[plt-scheme] Interacting w/ MzScheme
Don-
On Dec 10, 2004, at 12:33 AM, Don Blaheta wrote:
> For list-related administrative tasks:
> http://list.cs.brown.edu/mailman/listinfo/plt-scheme
>
> Quoth Matthias Felleisen:
>> Way back when I was young and at Rice, I actually started planning a
>> tree diff -- and promptly forgot about it that afternoon.
>
> I needed a tree diff for some of my natural language processing
> research, and I got a lot of mileage out of plain old gnudiff with a
> little bit of preprocessing. Is the problem algorithmic, or just a
> "getting around to it" issue?
>
I don't know what Matthias's response is going to be, but I'd say big
part of it is that its an algorithmic problem. The best algorithms for
calculating a minimal tree diff tend to be O(n^4) or so, where n is the
number of nodes in the tree.
Of course, this isn't a proof that you are stuck with O(n^4) to get
useful results. The standard diff implementation doesn't calculate a
minimal diff either, so you might be able to choose a different
algorithm and get usable results in a reasonable amount of time (see
the work of Chawathe and Garcia-Molina referenced below).
----
Another problem that I don't think many people have given much thought
to (and thus would be a big part of the research) is how to *display*
the feedback of the tree diff to the user; these algorithms all tend to
return edit script, which are just sequences of tree editing
operations. This is because that's the way the algorithms for string
diff were formulated as well; its just that there happens to be some
very nice ways to present string edit scripts graphically. I'm not
sure that the tree edit scripts will be so easily applied to the
visualized s-exp in your editors, especially if you choose to include
operations like "copy-subtree" or "move-subtree" in your set of edit
operations.
----
Here's my summary of a literature review I did during October while
preparing a project proposal.
- Zhang and Shasha [15] give an algorithm for solving the tree edit
problem in time
O(|T1||T2| min{height (T1), |leaves(T1)|} min{height (T2),
|leaves(T2)|})
- Bille [3] develops a unified framework for describing tree-diff
algorithms and summarizes the worst-case behavior of various tree diff
algorithms (including Zhang and Shasha’s work) with various optional
constraints on the problem domain (ordered versus unordered children,
subtree matchings, unit-cost, etc).
- Barnard et al. [2] extend previous work in Tree-to-Tree correction
(not specifically about program parse trees), adding Subtree Insertion,
Deletion, and Swapping to the set of allowed operations.

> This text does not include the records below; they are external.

(* Let $R$ be a commutative ring with unit and let $M\subset\mathbb{M}_R$ be a $\Rightarrow_R$-connected subset. Then for any nonempty subset $M'\subset M$ the homomorphism $\rho^R_{M,M'}\colon R[q]^M\to R[q]^{M'}$ is injective.
   Context: $q$ is an indeterminate. $\mathbb{M}_R$ is the set of monic polynomials in $R[q]$. For $M\subset\mathbb{M}_R$, $M^*$ is the multiplicative set generated by $M$, directed by divisibility, and $R[q]^M=\varprojlim_{f\in M^*}R[q]/(f)$; for $M'\subset M$, $\rho^R_{M,M'}$ is induced by the identity of $R[q]$. For $f,g\in\mathbb{M}_R$ write $f\Rightarrow_R g$ if there exist an ideal $I\subset R$ with $\bigcap_{j\ge0}I^j=(0)$ and $m\ge0$ with $f^m\in(g)+I[q]$. $M$ is $\Rightarrow_R$-connected if $M$ is nonempty and for all $f,f'\in M$ there is a sequence $f=f_0\Rightarrow_R f_1\Rightarrow_R\cdots\Rightarrow_R f_r=f'$ ($r\ge0$) in $M$. *)

From mathcomp Require Import all_boot all_order all_algebra.
Set Implicit Arguments. Unset Strict Implicit. Unset Printing Implicit Defensive.
Import GRing.Theory.
Local Open Scope ring_scope.

Section Defs.
Variable R : comNzRingType.

Definition pdvd (f g : {poly R}) : Prop := exists h : {poly R}, g = h * f.

Definition pcong (f a b : {poly R}) : Prop := exists h : {poly R}, a - b = h * f.

Definition is_ideal (I : R -> Prop) : Prop :=
  [/\ I 0, (forall a b, I a -> I b -> I (a + b)) & (forall r a, I a -> I (r * a))].

Definition in_ideal_pow (I : R -> Prop) (j : nat) (x : R) : Prop :=
  exists (n : nat) (r : 'I_n -> R) (a : 'I_n -> 'I_j -> R),
    (forall i k, I (a i k)) /\ x = \sum_(i < n) r i * \prod_(k < j) a i k.

Definition in_ideal_poly (I : R -> Prop) (p : {poly R}) : Prop :=
  forall i : nat, I p`_i.

Definition implR (f g : {poly R}) : Prop :=
  exists (I : R -> Prop) (m : nat),
    [/\ is_ideal I,
        (forall x, (forall j, in_ideal_pow I j x) -> x = 0) &
        exists (h p : {poly R}), in_ideal_poly I p /\ f ^+ m = h * g + p].

Inductive implR_chain (M : {poly R} -> Prop) : {poly R} -> {poly R} -> Prop :=
  | chain_refl f : M f -> implR_chain M f f
  | chain_step f g h : M f -> implR f g -> implR_chain M g h -> implR_chain M f h.

Definition implR_connected (M : {poly R} -> Prop) : Prop :=
  (exists f, M f) /\ forall f f', M f -> M f' -> implR_chain M f f'.

Definition mult_closure (M : {poly R} -> Prop) (f : {poly R}) : Prop :=
  exists s : seq {poly R}, (forall p, p \in s -> M p) /\ f = \prod_(p <- s) p.

(* An element of R[q]^M = lim_{f in M^*} R[q]/(f), represented by a family
   of representatives x f of the classes in R[q]/(f), compatible with the
   transition maps R[q]/(g) -> R[q]/(f) for f | g. *)
Definition proj_lim_elt (M : {poly R} -> Prop) (x : {poly R} -> {poly R}) : Prop :=
  forall f g, mult_closure M f -> mult_closure M g -> pdvd f g -> pcong f (x g) (x f).

Definition proj_lim_eq (M : {poly R} -> Prop) (x y : {poly R} -> {poly R}) : Prop :=
  forall f, mult_closure M f -> pcong f (x f) (y f).

End Defs.

(** Write [z = x - y]; it is a compatible family, and we must show that [F]
    divides [z F] for every [F] in [M^*], knowing it for the powers of some
    [f0] in [M']. This property propagates along [f =>_R g]: if [f^m] lies in
    [(g) + I[q]], then some power of [f] lies in [(g^k) + I^J[q]] for all
    [k], [J], and compatibility of [z] shows that the remainder of [z H]
    modulo the monic [H = g^k G] has all its coefficients in [I^J] for
    every [J], hence vanishes because [I] is separated. Following a chain
    from [f0] to each factor of an element of [M^*] concludes. *)

From mathcomp Require Import all_boot all_order all_algebra.
From mathcomp Require Import ring.
Set Implicit Arguments. Unset Strict Implicit. Unset Printing Implicit Defensive.
Import GRing.Theory Pdiv.Ring Pdiv.RingMonic.
Local Open Scope ring_scope.

Section IdealPowers.
Variable R : comNzRingType.
Implicit Types (I K : R -> Prop) (p q u : {poly R}).

Lemma ideal_sum K n (F : 'I_n -> R) :
  is_ideal K -> (forall i, K (F i)) -> K (\sum_(i < n) F i).
Proof. by move=> [K0 KD _] KF; elim/big_ind: _. Qed.

Lemma in_ideal_pow0 I j : in_ideal_pow I j 0.
Proof.
exists 0%N, (fun _ => 0), (fun _ _ => 0); split; first by case.
by rewrite big_ord0.
Qed.

Lemma in_ideal_pow_0 I x : in_ideal_pow I 0 x.
Proof.
exists 1%N, (fun _ => x), (fun _ _ => 0); split; first by move=> ? [].
by rewrite big_ord1 big_ord0 mulr1.
Qed.

Lemma in_ideal_powD I j a b :
  in_ideal_pow I j a -> in_ideal_pow I j b -> in_ideal_pow I j (a + b).
Proof.
move=> [n1 [r1 [a1 [Ia1 ->]]]] [n2 [r2 [a2 [Ia2 ->]]]].
pose glue T (u : 'I_n1 -> T) (v : 'I_n2 -> T) i :=
  match split i with inl i1 => u i1 | inr i2 => v i2 end.
exists (n1 + n2)%N, (glue _ r1 r2), (glue _ a1 a2); split.
  by move=> i k; rewrite /glue; case: (split i).
rewrite big_split_ord /glue; congr (_ + _); apply: eq_bigr => i _.
  by rewrite (unsplitK (inl _ i)).
by rewrite (unsplitK (inr _ i)).
Qed.

Lemma in_ideal_powMl I j r a : in_ideal_pow I j a -> in_ideal_pow I j (r * a).
Proof.
move=> [n [r1 [a1 [Ia1 ->]]]]; exists n, (fun i => r * r1 i), a1; split => //.
by rewrite mulr_sumr; apply: eq_bigr => i _; rewrite mulrA.
Qed.

Lemma in_ideal_pow_is_ideal I j : is_ideal (in_ideal_pow I j).
Proof. by split; [exact: in_ideal_pow0 | exact: in_ideal_powD | exact: in_ideal_powMl]. Qed.

Lemma in_ideal_powSr I j x a :
  in_ideal_pow I j x -> I a -> in_ideal_pow I j.+1 (x * a).
Proof.
move=> [n [r1 [a1 [Ia1 ->]]]] Ia.
exists n, r1, (fun i k => if unlift ord0 k is Some k' then a1 i k' else a); split.
  by move=> i k; case: (unlift ord0 k).
rewrite mulr_suml; apply: eq_bigr => i _.
rewrite big_ord_recl unlift_none.
under [X in _ = _ * (_ * X)]eq_bigr => k _ do rewrite liftK.
by rewrite [a * _]mulrC mulrA.
Qed.

Lemma in_ideal_polyD K p q :
  is_ideal K -> in_ideal_poly K p -> in_ideal_poly K q -> in_ideal_poly K (p + q).
Proof. by move=> [_ KD _] Kp Kq i; rewrite coefD; apply: KD. Qed.

Lemma in_ideal_poly_mul K1 K2 K3 p q : is_ideal K3 ->
  (forall a b, K1 a -> K2 b -> K3 (a * b)) ->
  in_ideal_poly K1 p -> in_ideal_poly K2 q -> in_ideal_poly K3 (p * q).
Proof. by move=> K3id KM Kp Kq i; rewrite coefM; apply: ideal_sum => // j; apply: KM. Qed.

Lemma in_ideal_polyMl K u p :
  is_ideal K -> in_ideal_poly K p -> in_ideal_poly K (u * p).
Proof.
move=> Kid Kp i; rewrite coefM; apply: ideal_sum => // j.
by case: Kid => _ _; apply.
Qed.

Lemma in_ideal_polyMr K u p :
  is_ideal K -> in_ideal_poly K p -> in_ideal_poly K (p * u).
Proof. by rewrite mulrC; apply: in_ideal_polyMl. Qed.

Lemma in_ideal_poly_rmodp K p d : d \is monic ->
  is_ideal K -> in_ideal_poly K p -> in_ideal_poly K (rmodp p d).
Proof.
move=> mond Kid Kp i.
rewrite -[p]coefK poly_def (rmodp_sum mond) coef_sum.
apply: ideal_sum => // j; rewrite (rmodpZ mond) coefZ mulrC.
by case: Kid => _ _; apply.
Qed.

(** For monic [d], [R[q]/(d)] is a free [R]-module, so it inherits the
    separatedness of the [I]-adic filtration from [R]. *)
Lemma pdvd_of_ideal_pow_approx I d p : d \is monic -> is_ideal I ->
  (forall x, (forall j, in_ideal_pow I j x) -> x = 0) ->
  (forall j, exists2 u, pcong d p u & in_ideal_poly (in_ideal_pow I j) u) ->
  pdvd d p.
Proof.
move=> mond Iid Isep approx.
suff mod0 : rmodp p d = 0 by exists (rdivp p d); rewrite {1}(rdivp_eq mond p) mod0 addr0.
apply/polyP => i; rewrite coef0; apply: Isep => j.
have [u [w puw] Ju] := approx j.
have -> : p = w * d + u by rewrite -puw; ring.
rewrite (rmodpD mond) (rmodp_mull mond) add0r.
by apply: in_ideal_poly_rmodp => //; apply: in_ideal_pow_is_ideal.
Qed.

Definition in_radical_mod K g f :=
  exists (N : nat) (v r : {poly R}), f ^+ N = v * g + r /\ in_ideal_poly K r.

Lemma in_radical_mod_ideal_pow I g f : is_ideal I ->
  in_radical_mod I g f -> forall j, in_radical_mod (in_ideal_pow I j) g f.
Proof.
move=> Iid [m [h [p [fm Ip]]]]; elim=> [|j [N [v [r [fN Jr]]]]].
  by exists 0%N, 0, 1; split; [rewrite expr0 mul0r add0r | move=> i; apply: in_ideal_pow_0].
exists (N + m)%N, (v * (h * g + p) + r * h), (r * p); split.
  by rewrite exprD fN fm; ring.
apply: (@in_ideal_poly_mul (in_ideal_pow I j) I) => //.
  exact: in_ideal_pow_is_ideal.
exact: in_ideal_powSr.
Qed.

Lemma in_radical_mod_exp K g f : is_ideal K ->
  in_radical_mod K g f -> forall k, in_radical_mod K (g ^+ k) f.
Proof.
move=> Kid [n [w [s [fn Ks]]]]; elim=> [|k [N [v [r [fN Kr]]]]].
  exists 0%N, 1, 0; split; first by rewrite !expr0 mulr1 addr0.
  by move=> i; rewrite coef0; case: Kid.
exists (N + n)%N, (v * w), (v * g ^+ k * s + r * w * g + r * s); split.
  by rewrite exprD fN fn exprSr; ring.
apply: in_ideal_polyD => //; first apply: in_ideal_polyD => //.
- exact: in_ideal_polyMl.
- by rewrite -mulrA; apply: in_ideal_polyMr.
- exact: in_ideal_polyMr.
Qed.

End IdealPowers.

Section MultClosure.
Variables (R : comNzRingType) (M : {poly R} -> Prop).

Lemma mult_closureM f g :
  mult_closure M f -> mult_closure M g -> mult_closure M (f * g).
Proof.
move=> [s1 [Ms1 ->]] [s2 [Ms2 ->]]; exists (s1 ++ s2); split; last by rewrite big_cat.
by move=> p; rewrite mem_cat => /orP [/Ms1|/Ms2].
Qed.

Lemma mult_closureX f n : M f -> mult_closure M (f ^+ n).
Proof.
move=> Mf; exists (nseq n f); split; first by move=> p /nseqP [-> _].
by rewrite big_nseq; elim: n => [|n IHn]; rewrite ?expr0 // exprS IHn.
Qed.

Lemma mult_closure_monic f :
  (forall g, M g -> g \is monic) -> mult_closure M f -> f \is monic.
Proof. by move=> Mmon [s [Ms ->]]; rewrite big_seq; apply: monic_prod => p /Ms/Mmon. Qed.

End MultClosure.

Lemma proj_lim_eltB (R : comNzRingType) (M : {poly R} -> Prop) x y :
  proj_lim_elt M x -> proj_lim_elt M y -> proj_lim_elt M (fun f => x f - y f).
Proof.
move=> cx cy f g Mf Mg fg.
have [[u xgf] [v ygf]] := (cx f g Mf Mg fg, cy f g Mf Mg fg).
by exists (u - v); rewrite mulrBl -xgf -ygf; ring.
Qed.

Section Vanishing.
Variables (R : comNzRingType) (M : {poly R} -> Prop).
Hypothesis M_monic : forall f, M f -> f \is monic.
Variable z : {poly R} -> {poly R}.
Hypothesis z_compat : proj_lim_elt M z.
Implicit Types (f g F G : {poly R}).

Lemma pdvd_compat F F' : mult_closure M F -> mult_closure M F' ->
  pdvd F F' -> pdvd F (z F) -> pdvd F (z F').
Proof.
move=> MF MF' FF' [c zF]; have [d zFF'] := z_compat MF MF' FF'.
by exists (d + c); rewrite mulrDl -zFF' -zF; ring.
Qed.

Lemma implR_vanishing f g G : M f -> M g -> implR f g -> mult_closure M G ->
  (forall a, pdvd (f ^+ a * G) (z (f ^+ a * G))) ->
  forall k, pdvd (g ^+ k * G) (z (g ^+ k * G)).
Proof.
move=> Mf Mg [I [m [Iid Isep [h [p [Ip fm]]]]]] MG vanish k.
set H := g ^+ k * G.
have MH : mult_closure M H by apply: mult_closureM => //; apply: mult_closureX.
apply: pdvd_of_ideal_pow_approx (Isep) _ => //.
  exact: mult_closure_monic MH.
move=> j.
have frad : in_radical_mod I g f by exists m, h, p.
have [N [v [r [fN Jr]]]] :=
  in_radical_mod_exp (in_ideal_pow_is_ideal I j) (in_radical_mod_ideal_pow Iid frad j) k.
have MfG : mult_closure M (f ^+ N * G) by apply: mult_closureM => //; apply: mult_closureX.
have MfH : mult_closure M (f ^+ N * H) by apply: mult_closureM => //; apply: mult_closureX.
have [c zfH] : pdvd (f ^+ N * G) (z (f ^+ N * H)).
  by apply: pdvd_compat (vanish N) => //; exists (g ^+ k); rewrite /H; ring.
have [d zHfH] : pcong H (z (f ^+ N * H)) (z H).
  by apply: z_compat => //; exists (f ^+ N); rewrite mulrC.
exists (c * G * r); last by apply: in_ideal_polyMl => //; apply: in_ideal_pow_is_ideal.
exists (c * v - d); have -> : z H = z (f ^+ N * H) - d * H by rewrite -zHfH; ring.
by rewrite zfH fN /H; ring.
Qed.

Lemma implR_chain_vanishing f f' : implR_chain M f f' ->
  forall G, mult_closure M G -> (forall a, pdvd (f ^+ a * G) (z (f ^+ a * G))) ->
  forall k, pdvd (f' ^+ k * G) (z (f' ^+ k * G)).
Proof.
elim=> // {}f g f'' Mf fg gf'' IH G MG vanish; apply: IH => //.
by apply: implR_vanishing vanish => //; case: gf''.
Qed.

Lemma connected_vanishing f0 : implR_connected M -> M f0 ->
  (forall a, pdvd (f0 ^+ a) (z (f0 ^+ a))) ->
  forall F, mult_closure M F -> pdvd F (z F).
Proof.
move=> [_ Mconn] Mf0 vanish0 F [s [Ms ->]].
suff vanish a t : (forall p, p \in t -> M p) ->
    pdvd (f0 ^+ a * \prod_(p <- t) p) (z (f0 ^+ a * \prod_(p <- t) p)).
  by have := vanish 0%N s Ms; rewrite expr0 mul1r.
elim: t a => [|g t IHt] a Mt; first by rewrite big_nil mulr1.
have Mt' p : p \in t -> M p by move=> pt; apply: Mt; rewrite inE pt orbT.
have MG : mult_closure M (f0 ^+ a * \prod_(p <- t) p).
  by apply: mult_closureM; [apply: mult_closureX | exists t].
have := implR_chain_vanishing (Mconn _ _ Mf0 (Mt _ (mem_head g t))) MG _ 1.
rewrite expr1 big_cons mulrCA; apply=> b.
by rewrite mulrA -exprD; apply: IHt.
Qed.

End Vanishing.

Theorem corollary3p5 (R : comNzRingType) (M M' : {poly R} -> Prop) :
  (forall f, M f -> f \is monic) ->
  implR_connected M ->
  (forall f, M' f -> M f) ->
  (exists f, M' f) ->
  forall x y : {poly R} -> {poly R},
    proj_lim_elt M x -> proj_lim_elt M y ->
    proj_lim_eq M' x y -> proj_lim_eq M x y.
Proof.
move=> Mmon Mconn M'M [f0 M'f0] x y cx cy xy'.
apply: (connected_vanishing Mmon (proj_lim_eltB cx cy) Mconn (M'M _ M'f0)) => a.
exact: (xy' _ (mult_closureX a M'f0)).
Qed.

- Chawathe and Garcia-Molina [6, 5] explored Tree transformation
supporting subtree move and copy. where the rules are applied in
parallel rather than in sequence. Their technique produces non-optimal
solutions (in order to allow a more efficient algorithm), reducing the
problem of change detection to one of choosing a min-cost edge cover of
a bipartite graph.
- Yang [13] developed a tool for calculating differences between parse
trees of C programs, focusing mainly on how to generate matchings
between the nodes of the parse tree and on how to display the diff to
the user. His tool did not support a Copy-Subtree operation in the tree
edit scripts, and did not encode any knowledge of the operational
semantics of C or of any common refactorings for C programs. Yang did
consider some tree comparison algorithms much such like those those in
Section 7.1. However, he discounted their relevance for his problem,
since he felt that their reliance on a distance metric between nodes
(specifically with respect to the relabeling tree operation) was at
odds with the constraints imposed upon him by the C language and its
mixing of types and constants in a single namespace that cannot be
distinguished by its context-free grammar.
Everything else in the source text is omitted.